> _Task requirements_
Filter the data below, keeping only lines that contain "rhoN".
▽
(* Let $S$ be a finite Abelian group, $t\ge 1$, and let $X$ be a set of $m$ MIX servers equipped with an $(m,b,t)$-verifiers set system $(X,\{B_1,\dots,B_b\})$; write each block as an ordered tuple $B_k=(MIX_{k,1},\dots,MIX_{k,t+1})$ with leader $MIX_{k,1}$ (blocks may share servers). Consider the following protocol transmitting messages $s_1,\dots,s_v\in S$ from a single party $R$ to $v$ recipients. For each $i$, $R$ chooses shares $\pi^1_{i,1},\dots,\pi^1_{i,t+1}\in S$ uniformly at random subject to $\sum_j \pi^1_{i,j}=s_i$ and privately sends $\pi^1_{i,j}$ to $MIX_{1,j}$. For $k=1,\dots,b$: the leader of $B_k$ chooses a uniformly random $\rho_k\in S_v$ and the servers of $B_k$ reindex their shares by $\pi^k_{i,j}:=\pi^k_{\rho_k(i),j}$; the leader of $B_k$ chooses uniformly random modifiers $\omega^k_{i,j}\in S$ and privately sends $\omega^k_{i,j}$ to $MIX_{k,j}$, who adds it to its share, giving shares $\pi^{k+1}_{i,j}$ of $\pi^{k+1}_i=\omega^k_i+\pi^k_i$ where $\omega^k_i=\sum_j\omega^k_{i,j}$; shares are then passed to the next block either (a) by re-sharing: each server of $B_k$ re-shares its share additively among the $t+1$ servers of $B_{k+1}$ with fresh uniform randomness and each server of $B_{k+1}$ sums the $t+1$ values it receives (with a final re-sharing after $B_b$), or (b) directly ($MIX_{k,j}$ to $MIX_{k+1,j}$) in the case that $X$ is under $t$-confinement. Finally, denoting the shares held by $MIX_{b,j}$ by $\phi_{i,j}$, $MIX_{b,j}$ sends $\phi_{i,j}$ to the $i$-th recipient over $t+1$ network-disjoint paths (one per $j$), and the recipient sums the $t+1$ shares. Suppose the adversary is passive, computationally unbounded, and controls at most $t$ parties (MIX servers or communication paths). Then this protocol is a perfectly reliable, perfectly private and perfectly anonymous message transmission protocol.
   Context: A set system $(X,\mathcal{B})$ with $X=\{1,\dots,m\}$ and blocks $B_1,\dots,B_b\subset X$ is an $(m,b,t)$-verifiers set system if $|X|=m$, $|B_i|=t+1$ for all $i$, and for every $F\subset X$ with $|F|\le t$ there is a block $B_i$ with $F\cap B_i=\emptyset$. The set $X$ of MIX servers is under $t$-confinement if for every $T\subseteq X$ with $|T|=t$, the members of $T$ appear in at most $t$ distinct positions (indices $j$ in the ordered tuples $B_k$) over all blocks used. Private channels are assumed between $R$ and servers of $B_1$, between servers of consecutive blocks, and from servers of $B_b$ to the recipients via the disjoint paths. Perfectly reliable: each message is received by its intended recipient with probability 1. Perfectly private: for any coalition of at most $t$ corrupted parties, the probability of correctly determining any transmitted message is the same whether or not they are given their view. Perfectly anonymous: for any coalition of at most $t$ corrupted parties, the probability of correctly determining which recipient received any given message is the same whether or not they are given their view. *)

From mathcomp Require Import all_boot all_order all_algebra all_fingroup.
Set Implicit Arguments. Unset Strict Implicit. Unset Printing Implicit Defensive.
Import GRing.Theory Num.Theory.
Local Open Scope ring_scope.

(* Set systems.  Servers are X = 'I_m; block k (k : 'I_b) is the ordered
   (t+1)-tuple (B k 0, ..., B k t); position 0 is the leader.            *)

Definition verifiers (m b t : nat) (B : 'I_b -> 'I_t.+1 -> 'I_m) : Prop :=
  (forall k, injective (B k)) /\
  (forall F : {set 'I_m}, (#|F| <= t)%N -> exists k : 'I_b, forall j, B k j \notin F).

Definition t_confined (m b t : nat) (B : 'I_b -> 'I_t.+1 -> 'I_m) : Prop :=
  forall T : {set 'I_m}, #|T| = t ->
    (#|[set j : 'I_t.+1 | [exists k : 'I_b, B k j \in T]]| <= t)%N.

Section Protocol.
Variables (S : finZmodType) (t m b v : nat) (B : 'I_b -> 'I_t.+1 -> 'I_m).

Definition Msg := {ffun 'I_v -> S}.

(* All random coins of the protocol:
   - pi1 (i,j)      : initial shares chosen by R,
   - rho k          : permutation chosen by the leader of block k,
   - om (k,i,j)     : modifiers chosen by the leader of block k,
   - rs (k,i,j,l)   : the t free pieces (l < t) of the additive re-sharing by
                      server j of block k of its share of message i
                      (the last piece is the share minus their sum). *)
Definition Coins := ({ffun 'I_v * 'I_t.+1 -> S} * {ffun 'I_b -> {perm 'I_v}}
  * {ffun 'I_b * 'I_v * 'I_t.+1 -> S} * {ffun 'I_b * 'I_v * 'I_t.+1 * 'I_t -> S})%type.

Definition pi1 (c : Coins) i j := c.1.1.1 (i, j).
Definition rhoN (c : Coins) (n : nat) : {perm 'I_v} :=
  if insub n is Some k then c.1.1.2 k else 1%g.
Definition omN (c : Coins) (n : nat) i j : S :=
  if insub n is Some k then c.1.2 (k, i, j) else 0.
Definition rsN (c : Coins) (n : nat) i j (l : 'I_t) : S :=
  if insub n is Some k then c.2 (k, i, j, l) else 0.

(* Support of the coins for messages s: initial shares sum to s_i, and the
   modifiers of each block and index sum to 0 (so that they re-randomize the
   sharing without changing the shared value); the coins are drawn uniformly
   from this set (i.e. all components independent, each uniform subject to
   its constraint). *)
Definition Omega (s : Msg) : {set Coins} :=
  [set c : Coins | [forall i, \sum_(j < t.+1) pi1 c i j == s i] &&
                   [forall k : 'I_b, forall i, \sum_(j < t.+1) c.1.2 (k, i, j) == 0]].

Definition piece (c : Coins) (n : nat) (z : S) i j (j' : 'I_t.+1) : S :=
  if insub (val j') is Some l then rsN c n i j l
  else z - \sum_(l < t) rsN c n i j l.

(* shares held by the servers of the n-th block (0-based) before it mixes;
   [a = true]: variant (a) re-sharing, [a = false]: variant (b) direct passing.
   sh a c b are the final shares phi held by the last block (in variant (a)
   after the final re-sharing among the servers of the last block). *)
Fixpoint sh (a : bool) (c : Coins) (n : nat) : 'I_v -> 'I_t.+1 -> S :=
  match n with
  | 0 => pi1 c
  | n'.+1 => fun i j' =>
      let q i j := sh a c n' (rhoN c n' i) j + omN c n' i j in
      if a then \sum_(j < t.+1) piece c n' (q i j) i j j' else q i j'
  end.

Definition qsh a c n i j := sh a c n (rhoN c n i) j + omN c n i j.

Definition phi a c := sh a c b.

Definition output a c (i : 'I_v) : S := \sum_(j < t.+1) phi a c i j.

(* composite mixing permutation: shares at index i of step n are shares of
   message s_(tau c n i) *)
Fixpoint tau (c : Coins) (n : nat) : {perm 'I_v} :=
  match n with 0 => 1%g | n'.+1 => (rhoN c n' * tau c n')%g end.

(* corruptible parties: MIX servers and the communication paths (i,j) *)
Definition Party := ('I_m + ('I_v * 'I_t.+1))%type.

Definition srv (n : nat) (j : 'I_t.+1) : option 'I_m :=
  omap (fun k : 'I_b => B k j) (insub n).
Definition obsBy (C : {set Party}) n j : bool :=
  if srv n j is Some x then inl x \in C else false.

Inductive label :=
| LInit of 'I_v & 'I_t.+1                   (* R -> MIX_{1,j}: pi1 (i,j) *)
| LPerm of 'I_b                              (* leader -> servers of B_k : rho_k *)
| LMod of 'I_b & 'I_v & 'I_t.+1              (* leader -> MIX_{k,j} : om *)
| LPiece of 'I_b & 'I_v & 'I_t.+1 & 'I_t.+1  (* variant (a): MIX_{k,j} -> MIX_{k+1,j'} *)
| LPass of 'I_b & 'I_v & 'I_t.+1             (* variant (b): MIX_{k,j} -> MIX_{k+1,j} *)
| LFinal of 'I_v & 'I_t.+1.                  (* MIX_{b,j} -> recipient i via path (i,j) *)

Definition Val := (S + {perm 'I_v})%type.

Definition value (a : bool) (c : Coins) (l : label) : Val :=
  match l with
  | LInit i j => inl (pi1 c i j)
  | LPerm k => inr (rhoN c k)
  | LMod k i j => inl (omN c k i j)
  | LPiece k i j j' => inl (piece c k (qsh a c k i j) i j j')
  | LPass k i j => inl (qsh a c k i j)
  | LFinal i j => inl (phi a c i j)
  end.

Definition observes (a : bool) (C : {set Party}) (l : label) : bool :=
  match l with
  | LInit i j => obsBy C 0 j
  | LPerm k => [exists j, obsBy C k j]
  | LMod k i j => obsBy C k 0 || obsBy C k j
  | LPiece k i j j' =>
      a && (obsBy C k j || obsBy C (if (k.+1 < b)%N then k.+1 else k) j')
  | LPass k i j => ~~ a && (k.+1 < b)%N && (obsBy C k j || obsBy C k.+1 j)
  | LFinal i j => obsBy C b.-1 j || (inr (i, j) \in C)
  end.

(* the view of coalition C: everything it sees (its own coins are determined
   by the values it sends) *)
Definition view (a : bool) (C : {set Party}) (c : Coins) : label -> option Val :=
  fun l => if observes a C l then Some (value a c l) else None.

Definition prior (D : {ffun Msg -> rat}) : Prop :=
  (forall s, 0 <= D s) /\ \sum_s D s = 1.

Definition Pr (D : {ffun Msg -> rat}) (E : Msg -> Coins -> bool) : rat :=
  \sum_(s : Msg) D s * (#|[set c in Omega s | E s c]|%:R / #|Omega s|%:R).

(* the best probability of correctly determining Y is the same with and
   without the view V *)
Definition same_guess {W : Type} {T : eqType} (D : {ffun Msg -> rat})
  (V : Msg -> Coins -> W) (Y : Msg -> Coins -> T) : Prop :=
  (forall g : W -> T, exists y : T,
      Pr D (fun s c => g (V s c) == Y s c) <= Pr D (fun s c => y == Y s c)) /\
  (forall y : T, exists g : W -> T,
      Pr D (fun s c => y == Y s c) <= Pr D (fun s c => g (V s c) == Y s c)).

Definition perfectly_reliable (a : bool) : Prop :=
  forall D, prior D ->
    Pr D (fun s c => [forall i, output a c i == s (tau c b i)]) = 1.

Definition perfectly_private (a : bool) : Prop :=
  forall D, prior D -> forall C : {set Party}, (#|C| <= t)%N ->
    forall i : 'I_v, same_guess D (fun _ c => view a C c) (fun s _ => s i).

(* the recipient of message i is (tau c b)^-1 i *)
Definition perfectly_anonymous (a : bool) : Prop :=
  forall D, prior D -> forall C : {set Party}, (#|C| <= t)%N ->
    forall i : 'I_v, same_guess D (fun _ c => view a C c) (fun _ c => (tau c b)^-1%g i).

End Protocol.

(* Reliability holds because in every run the t+1 shares of each index sum to
   the message routed to that index.  Privacy and anonymity follow from a
   simulation.  The verifiers property yields a block [ks] without corrupted
   servers.  Given message vectors s, s' and a permutation pi, every run on s is
   mapped injectively to a run on s' that gives the coalition the same view and
   whose overall mixing permutation is composed with pi: one share of each
   index, at positions the coalition never observes, is shifted by the
   difference between the messages it carries, and the honest leader of block
   [ks] changes its permutation and modifiers to absorb the shift and reroute
   the messages.  Hence the number of coin choices producing a given view
   depends neither on the messages nor, for fixed messages, on who receives
   what.  Unobserved positions exist because the coalition has at most t
   members while blocks have t+1; with direct passing, t-confinement provides
   a position that no corrupted server occupies in any block. *)

From mathcomp Require Import all_boot all_order all_algebra all_fingroup zify.
From Stdlib Require Import FunctionalExtensionality.
Set Implicit Arguments. Unset Strict Implicit. Unset Printing Implicit Defensive.
Import Order.TTheory GRing.Theory Num.Theory.

Lemma exists_notin (T : finType) (Q : {set T}) : #|Q| < #|T| -> exists x, x \notin Q.
Proof.
move=> card_Q; apply/existsP; rewrite -negb_forall; apply: contraTN card_Q.
move=> /forallP all_in; rewrite -leqNgt (_ : Q = setT) ?cardsT //.
by apply/setP => x; rewrite inE all_in.
Qed.

Lemma odflt_pickP (T : finType) (P : pred T) x0 : (exists x, P x) -> P (odflt x0 [pick x | P x]).
Proof. by case=> x Px; case: pickP => [y Py // | none]; rewrite none in Px. Qed.

Lemma card_le_injection (T : finType) (f : T -> T) (A A' : {set T}) :
  injective f -> {in A, forall c, f c \in A'} -> (#|A| <= #|A'|)%N.
Proof.
move=> f_inj fA; rewrite -(card_imset A f_inj); apply: subset_leq_card.
by apply/subsetP => _ /imsetP[c c_in ->]; apply: fA.
Qed.

Lemma card_fibers (T U : finType) (A : {set T}) (f : T -> U) :
  #|A| = (\sum_(z : U) #|[set c in A | f c == z]|)%N.
Proof.
rewrite -sum1_card (partition_big f predT) //=; apply: eq_bigr => z _.
by rewrite -sum1_card; apply: eq_bigl => c; rewrite !inE.
Qed.

Local Open Scope ring_scope.

Lemma sum_mulrb_eq (I : finType) (V : zmodType) (x : V) (q : I) (P : bool) :
  \sum_(i : I) x *+ ((i == q) && P) = x *+ P.
Proof.
rewrite (bigD1 q) //= eqxx big1 ?addr0 // => i /negbTE ne_iq.
by rewrite ne_iq mulr0n.
Qed.

Lemma eq_of_sum_widen (V : zmodType) n (f g : 'I_n.+1 -> V) :
  \sum_i f i = \sum_i g i ->
  (forall l : 'I_n, f (widen_ord (leqnSn n) l) = g (widen_ord (leqnSn n) l)) -> f =1 g.
Proof.
move=> eq_sum eq_widen i; case: (ltnP i n) => [lt_in | le_ni].
  by have -> : i = widen_ord (leqnSn n) (Ordinal lt_in) by apply/val_inj.
have -> : i = ord_max by apply/val_inj/eqP; rewrite /= eqn_leq le_ni -ltnS ltn_ord.
move: eq_sum; rewrite !big_ord_recr /= (eq_bigr _ (fun l _ => eq_widen l)).
by move/addrI.
Qed.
△
> _Solution_
Definition rhoN (c : Coins) (n : nat) : {perm 'I_v} :=
      let q i j := sh a c n' (rhoN c n' i) j + omN c n' i j in
Definition qsh a c n i j := sh a c n (rhoN c n i) j + omN c n i j.
  match n with 0 => 1%g | n'.+1 => (rhoN c n' * tau c n')%g end.
  | LPerm k => inr (rhoN c k)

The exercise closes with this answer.